**Activity:**
Scan the entries that follow for the word "PoszD", then report every line in which it appears.

**Records for this exercise:**
......

(* A Q-net $f:\mathbb Z^m\to\mathbb R^N$ is a discrete Koenigs net if and only if there exists a function $\nu:\mathbb Z^m\to\mathbb R\setminus\{0\}$ such that for every elementary quadrilateral $(f,f_i,f_{ij},f_j)$, with $M=(ff_{ij})\cap(f_if_j)$ the intersection point of its diagonals, $$\frac{\nu_{ij}}{\nu}=\frac{l(M,f_{ij})}{l(M,f)},\qquad \frac{\nu_j}{\nu_i}=\frac{l(M,f_j)}{l(M,f_i)}.$$ Such a $\nu$ is unique up to multiplication by one nonzero constant on the black points and another nonzero constant on the white points of $\mathbb Z^m$.
   Context: Let $N\ge 3$, $m\ge 2$. For a map $f:\mathbb Z^m\to\mathbb R^N$, write $e_i$ for the $i$-th unit vector of $\mathbb Z^m$, $f=f(u)$, $f_i=f(u+e_i)$, $f_{ij}=f(u+e_i+e_j)$; similarly $\nu_i=\nu(u+e_i)$, $\nu_{ij}=\nu(u+e_i+e_j)$; $\delta_i f=f_i-f$. A Q-net is a map $f:\mathbb Z^m\to\mathbb R^N$ such that for every $u$ and $i\ne j$ the elementary quadrilateral $(f,f_i,f_{ij},f_j)$ is planar; elementary quadrilaterals are assumed non-degenerate: four distinct vertices, no three collinear, and the diagonals $(ff_{ij})$, $(f_if_j)$ meet in a point $M$ different from all vertices. Two planar quadrilaterals $(A,B,C,D)$, $(A^*,B^*,C^*,D^* )$ are dual if corresponding sides are parallel ($A^*B^*\parallel AB$, $B^*C^*\parallel BC$, $C^*D^*\parallel CD$, $D^*A^*\parallel DA$) and non-corresponding diagonals are parallel ($A^*C^*\parallel BD$, $B^*D^*\parallel AC$). A Q-net $f$ is a discrete Koenigs net if there is a Q-net $f^*$ (a dual net) such that each $(f^*,f^*_i,f^*_{ij},f^*_j)$ is dual to $(f,f_i,f_{ij},f_j)$, i.e. $\delta_if^*\parallel\delta_if$, $\delta_jf^*\parallel\delta_jf$, $f^*_{ij}-f^*\parallel f_i-f_j$, $f^*_i-f^*_j\parallel f_{ij}-f$. For collinear points $P,Q$, $l(P,Q)$ denotes the directed (signed) length along their line (ratios of such lengths on one line are orientation-independent). A point $u\in\mathbb Z^m$ is black if $u_1+\dots+u_m$ is even, white otherwise. *)

From HB Require Import structures.
From mathcomp Require Import all_boot all_order all_algebra.
Set Implicit Arguments. Unset Strict Implicit. Unset Printing Implicit Defensive.
Import Order.TTheory GRing.Theory Num.Theory.
Local Open Scope ring_scope.

Section Defs.
Variable R : realFieldType.
Variable N : nat.
Notation pt := 'rV[R]_N.

Definition shift (m : nat) (u : 'rV[int]_m) (i : 'I_m) : 'rV[int]_m :=
  u + delta_mx ord0 i.

Definition black (m : nat) (u : 'rV[int]_m) : bool :=
  (2%:Z %| \sum_(k < m) u ord0 k)%Z.

Definition parallel (a b : pt) : Prop :=
  a != 0 /\ b != 0 /\ exists k : R, a = k *: b.

Definition collinear3 (A B C : pt) : Prop :=
  (\rank (col_mx (B - A) (C - A)) <= 1)%N.

Definition planar4 (A B C D : pt) : Prop :=
  (\rank (col_mx (B - A) (col_mx (C - A) (D - A))) <= 2)%N.

Definition on_line (X P Q : pt) : Prop :=
  exists t : R, X = P + t *: (Q - P).

Definition nondeg_quad (A B C D : pt) : Prop :=
  [/\ [/\ A != B, A != C, A != D & [/\ B != C, B != D & C != D]],
      [/\ ~ collinear3 A B C, ~ collinear3 A B D, ~ collinear3 A C D
        & ~ collinear3 B C D] &
      exists M : pt, [/\ on_line M A C, on_line M B D &
                         [/\ M != A, M != B, M != C & M != D]]].

Definition Qnet (m : nat) (f : 'rV[int]_m -> pt) : Prop :=
  forall (u : 'rV[int]_m) (i j : 'I_m), i != j ->
    planar4 (f u) (f (shift u i)) (f (shift (shift u i) j)) (f (shift u j)) /\
    nondeg_quad (f u) (f (shift u i)) (f (shift (shift u i) j)) (f (shift u j)).

Definition dual_quad (A B C D A' B' C' D' : pt) : Prop :=
  [/\ parallel (B' - A') (B - A), parallel (C' - B') (C - B),
      parallel (D' - C') (D - C), parallel (A' - D') (A - D) &
      parallel (C' - A') (D - B) /\ parallel (D' - B') (C - A)].

Definition Koenigs (m : nat) (f : 'rV[int]_m -> pt) : Prop :=
  exists fs : 'rV[int]_m -> pt, Qnet fs /\
    forall (u : 'rV[int]_m) (i j : 'I_m), i != j ->
      dual_quad (f u) (f (shift u i)) (f (shift (shift u i) j)) (f (shift u j))
                (fs u) (fs (shift u i)) (fs (shift (shift u i) j)) (fs (shift u j)).

(* For collinear points M, P, Q with Q <> M, the ratio of directed lengths
   l(M,P)/l(M,Q) equals r iff P - M = r (Q - M). *)
Definition lratio_is (M P Q : pt) (r : R) : Prop :=
  P - M = r *: (Q - M).

Definition nu_cond (m : nat) (f : 'rV[int]_m -> pt) (nu : 'rV[int]_m -> R) : Prop :=
  (forall u, nu u != 0) /\
  forall (u : 'rV[int]_m) (i j : 'I_m), i != j ->
    forall M : pt,
      on_line M (f u) (f (shift (shift u i) j)) ->
      on_line M (f (shift u i)) (f (shift u j)) ->
      lratio_is M (f (shift (shift u i) j)) (f u)
                (nu (shift (shift u i) j) / nu u) /\
      lratio_is M (f (shift u j)) (f (shift u i))
                (nu (shift u j) / nu (shift u i)).

End Defs.

From HB Require Import structures.
From mathcomp Require Import all_boot all_order all_algebra.
From mathcomp Require Import ring zify.
Set Implicit Arguments. Unset Strict Implicit. Unset Printing Implicit Defensive.
Import Order.TTheory GRing.Theory Num.Theory.
Local Open Scope ring_scope.

(* A non-degenerate quadrilateral (A,B,C,D) with diagonal point M
   is put in normal form: A - M, B - M are independent, C - M = r (A - M) and
   D - M = s (B - M) (diag_frame).  In these plane coordinates a quadrilateral
   whose edges are k, k/r, k/s, k/(rs) times AB, BC, AD, DC is again such a
   frame and is dual to (A,B,C,D) (dual_frame, dual_frame_parallel);
   conversely the edge factors of any dual quadrilateral satisfy these
   relations (dual_edge_ratios).  The condition on nu says r = nu_ij/nu and
   s = nu_j/nu_i.  Closed 1-forms on Z^m with values in an abelian group are exact
   (closed_form_exact); applied to the multiplicative group of the field this
   writes suitable edge weights as 1/(nu nu_i) (edge_weights_potential).  A
   function constant along diagonals is constant on each colour class.  Given nu, integrating delta_i f / (nu nu_i) gives a dual net;
   given a dual net with delta_i f* = k delta_i f, writing k = 1/(nu nu_i)
   gives nu; and nu'/nu is constant along diagonals, which gives uniqueness. *)

Lemma int_step_ind (P : int -> Prop) :
  P 0 -> (forall n, P n <-> P (n + 1)) -> forall n, P n.
Proof.
move=> P0 PS; elim/int_rec => [//|n Pn|n Pn].
  by have := (PS n).1 Pn; rewrite -PoszD addn1.
by apply/(PS _).2; rewrite -[n.+1]addn1 PoszD opprD addrNK.
Qed.

Lemma even_succ (x : int) : (2 %| x + 1)%Z = ~~ (2 %| x)%Z.
Proof. lia. Qed.

Section Lattice.
Variable m : nat.
Implicit Types (u v : 'rV[int]_m) (i j k : 'I_m).

(* The i-th unit vector e_i of Z^m (locked, so that entry-wise rewriting
   does not unfold it). *)
Definition unitv i : 'rV[int]_m := locked (delta_mx 0 i).

Lemma shiftE u i : shift u i = u + unitv i. Proof. by rewrite /unitv -lock. Qed.

Lemma shiftC u i j : shift (shift u i) j = shift (shift u j) i.
Proof. by rewrite !shiftE addrAC. Qed.

Lemma unitvE i l : unitv i 0 l = (i == l)%:R.
Proof. by rewrite /unitv -lock mxE eqxx eq_sym. Qed.

Lemma unitv_on i : unitv i 0 i = 1.
Proof. by rewrite unitvE eqxx. Qed.

Lemma unitv_off i l : i != l -> unitv i 0 l = 0.
Proof. by rewrite unitvE => /negPf->. Qed.

Lemma black_shift u i : black (shift u i) = ~~ black u.
Proof.
rewrite /black shiftE -even_succ (bigD1 i) // [in RHS](bigD1 i) //= mxE unitv_on.
rewrite addrAC; congr (_ %| _ + _)%Z; congr (_ + _); apply: eq_bigr => l ne.
by rewrite mxE unitv_off 1?eq_sym // addr0.
Qed.

Lemma black0 : black (0 : 'rV[int]_m).
Proof. by rewrite /black big1 ?dvdz0 // => l _; rewrite mxE. Qed.

Definition supported_below (k : nat) u := forall l : 'I_m, (k <= l)%N -> u 0 l = 0.

Lemma supported_below_ind (P : 'rV[int]_m -> Prop) (k0 : nat) :
  (forall u, supported_below k0 u -> P u) ->
  (forall k u, (k0 <= k)%N -> supported_below k.+1 u -> P u <-> P (u + unitv k)) ->
  forall u, P u.
Proof.
move=> Pbase Pstep.
suff Pk : forall n : nat, (k0 <= n <= m)%N -> forall u, supported_below n u -> P u.
  move=> u; case: (leqP k0 m) => hk0.
    by apply: (Pk m); rewrite ?hk0 ?leqnn // => l; rewrite leqNgt ltn_ord.
  by apply: Pbase => l hl; have := leq_ltn_trans hl (ltn_trans (ltn_ord l) hk0); rewrite ltnn.
elim=> [|n IH] /andP[hk0 hkm] u hu; first by apply: Pbase; move: hk0; rewrite leqn0 => /eqP->.
have [E|hne] := eqVneq k0 n.+1; first by apply: Pbase; rewrite E.
pose kk := Ordinal hkm.
have hk0' : (k0 <= kk)%N by rewrite -ltnS ltn_neqAle hne hk0.
pose u' := u - u 0 kk *: unitv kk.
have line_supp (c : int) : supported_below n.+1 (u' + c *: unitv kk).
  move=> l hl; have kl : kk != l by rewrite -val_eqE neq_ltn hl.
  by rewrite !mxE unitv_off // !mulr0 subr0 addr0 hu // ltnW.
have Pline (c : int) : P (u' + c *: unitv kk).
  elim/int_step_ind: c => [|c]; last first.
    by rewrite scalerDl scale1r addrA; exact: Pstep hk0' (line_supp c).
  rewrite scale0r addr0; apply: IH; first by rewrite hk0' ltnW.
  move=> l hl; rewrite !mxE; have [<-|kl] := eqVneq kk l; first by rewrite unitv_on mulr1 subrr.
  by rewrite unitv_off // mulr0 subr0 hu // ltn_neqAle hl andbT; exact: kl.
by have := Pline (u 0 kk); rewrite subrK.
Qed.

Lemma lattice_ind (P : 'rV[int]_m -> Prop) :
  P 0 -> (forall u i, P u <-> P (shift u i)) -> forall u, P u.
Proof.
move=> P0 Pstep; apply: (@supported_below_ind P 0) => [u hu|k u _ _]; last by rewrite -shiftE.
by have -> : u = 0 by apply/rowP => l; rewrite hu // mxE.
Qed.
End Lattice.

(* Discrete Poincare lemma: a closed 1-form on Z^m with values in an abelian
   group G -- a function w on oriented edges with w(u,i) + w(u+e_i,j) =
   w(u,j) + w(u+e_j,i) -- is exact, i.e. the increment of a potential. *)
Section Integration.
Variables (m : nat) (G : zmodType) (w : 'rV[int]_m -> 'I_m -> G).
Hypothesis w_closed : forall u i j, w u i + w (shift u i) j = w u j + w (shift u j) i.
Implicit Types (u v : 'rV[int]_m) (i j k : 'I_m).

Definition segment_sum v i (n : int) : G :=
  match n with
  | Posz n => \sum_(t < n) w (v + t%:Z *: unitv i) i
  | Negz n => - \sum_(t < n.+1) w (v - t.+1%:Z *: unitv i) i
  end.

Lemma segment_sum0 v i : segment_sum v i 0 = 0.
Proof. exact: big_ord0. Qed.

Lemma segment_sumS v i n :
  segment_sum v i (n + 1) = segment_sum v i n + w (v + n *: unitv i) i.
Proof.
case: n => [n|[|n]].
- by rewrite -PoszD addn1 /segment_sum big_ord_recr.
- have -> : Negz 0 + 1 = 0 by [].
  by rewrite segment_sum0 /segment_sum big_ord1 NegzE scaleNr addNr.
- have -> : Negz n.+1 + 1 = Negz n by rewrite !NegzE -[n.+2]addn1 PoszD opprD addrNK.
  by rewrite /segment_sum [in RHS]big_ord_recr /= opprD -addrA NegzE scaleNr addNr addr0.
Qed.

Definition truncate (k : nat) u : 'rV[int]_m := \row_l (if (l < k)%N then u 0 l else 0).

(* The potential: integrate along the staircase path 0 -> u, coordinate by
   coordinate. *)
Definition potential u : G := \sum_(k < m) segment_sum (truncate k u) k (u 0 k).

Lemma potential_step u i : supported_below i.+1 u ->
  potential (u + unitv i) = potential u + w u i.
Proof.
move=> hu; rewrite /potential (bigD1 i) //= [X in _ = X + _](bigD1 i) //=.
have trunc_i : truncate i (u + unitv i) = truncate i u.
  apply/rowP => l; rewrite !mxE; case: ifP => // hl.
  by rewrite unitv_off ?addr0 // neq_ltn hl orbT.
have coord_i : (u + unitv i) 0 i = u 0 i + 1 by rewrite mxE unitv_on.
have split_u : truncate i u + u 0 i *: unitv i = u.
  apply/rowP => l; rewrite !mxE.
  case: (ltngtP l i) => hl; last by rewrite (val_inj hl) unitv_on mulr1 add0r.
    by rewrite unitv_off ?mulr0 ?addr0 // neq_ltn hl orbT.
  by rewrite unitv_off ?mulr0 ?add0r ?hu // neq_ltn hl.
rewrite trunc_i coord_i segment_sumS split_u addrAC; congr (_ + _ + _).
apply: eq_bigr => k hk; rewrite mxE unitv_off 1?eq_sym // addr0.
case: (ltngtP k i) => hki; last by move: hk; rewrite (val_inj hki) eqxx.
  congr segment_sum; apply/rowP => l; rewrite !mxE; case: ifP => // hl.
  by rewrite unitv_off ?addr0 // neq_ltn (ltn_trans hl hki) orbT.
by rewrite hu // !segment_sum0.
Qed.

(* Closedness propagates this to arbitrary steps, coordinate by coordinate. *)
Lemma closed_form_exact : exists F : 'rV[int]_m -> G,
  forall u i, F (shift u i) = F u + w u i.
Proof.
exists potential => u i; rewrite shiftE; move: u.
apply: (@supported_below_ind _ (fun u => potential (u + unitv i) = potential u + w u i) i.+1).
  by move=> u; apply: potential_step.
move=> k v hik hv.
have hvi : supported_below k.+1 (v + unitv i).
  by move=> l hl; rewrite mxE hv // unitv_off ?addr0 // neq_ltn (ltn_trans hik hl).
have step_k := potential_step hv; have step_ik := potential_step hvi.
rewrite (addrAC v (unitv k)) step_ik step_k -addrA -!shiftE -w_closed addrA shiftE.
by split=> [->//|]; apply: addIr.
Qed.
End Integration.

(* The multiplicative group F^x of a field, written additively so that the
   integration lemma applies to multiplicative 1-forms. *)
Definition nonzero (F : fieldType) := {x : F | x != 0}.
HB.instance Definition _ (F : fieldType) := Choice.on (nonzero F).

Section NonzeroGroup.
Variable F : fieldType.
Implicit Types x y z : nonzero F.

Definition nz_one : nonzero F := exist _ 1 (oner_neq0 F).
Definition nz_mul x y : nonzero F := exist _ (sval x * sval y) (mulf_neq0 (svalP x) (svalP y)).
Definition nz_inv x : nonzero F := exist _ (sval x)^-1 (invr_neq0 (svalP x)).

Lemma nz_mulA : associative nz_mul. Proof. by move=> x y z; apply: val_inj; exact: mulrA. Qed.
Lemma nz_mulC : commutative nz_mul. Proof. by move=> x y; apply: val_inj; exact: mulrC. Qed.
Lemma nz_mul1 : left_id nz_one nz_mul. Proof. by move=> x; apply: val_inj; exact: mul1r. Qed.
Lemma nz_mulV : left_inverse nz_one nz_inv nz_mul.
Proof. by move=> x; apply: val_inj; exact: mulVf (svalP x). Qed.
End NonzeroGroup.

HB.instance Definition _ (F : fieldType) :=
  GRing.isZmodule.Build (nonzero F) (@nz_mulA F) (@nz_mulC F) (@nz_mul1 F) (@nz_mulV F).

......

**Task response:**
  by have := (PS n).1 Pn; rewrite -PoszD addn1.
by apply/(PS _).2; rewrite -[n.+1]addn1 PoszD opprD addrNK.
- by rewrite -PoszD addn1 /segment_sum big_ord_recr.
- have -> : Negz n.+1 + 1 = Negz n by rewrite !NegzE -[n.+2]addn1 PoszD opprD addrNK.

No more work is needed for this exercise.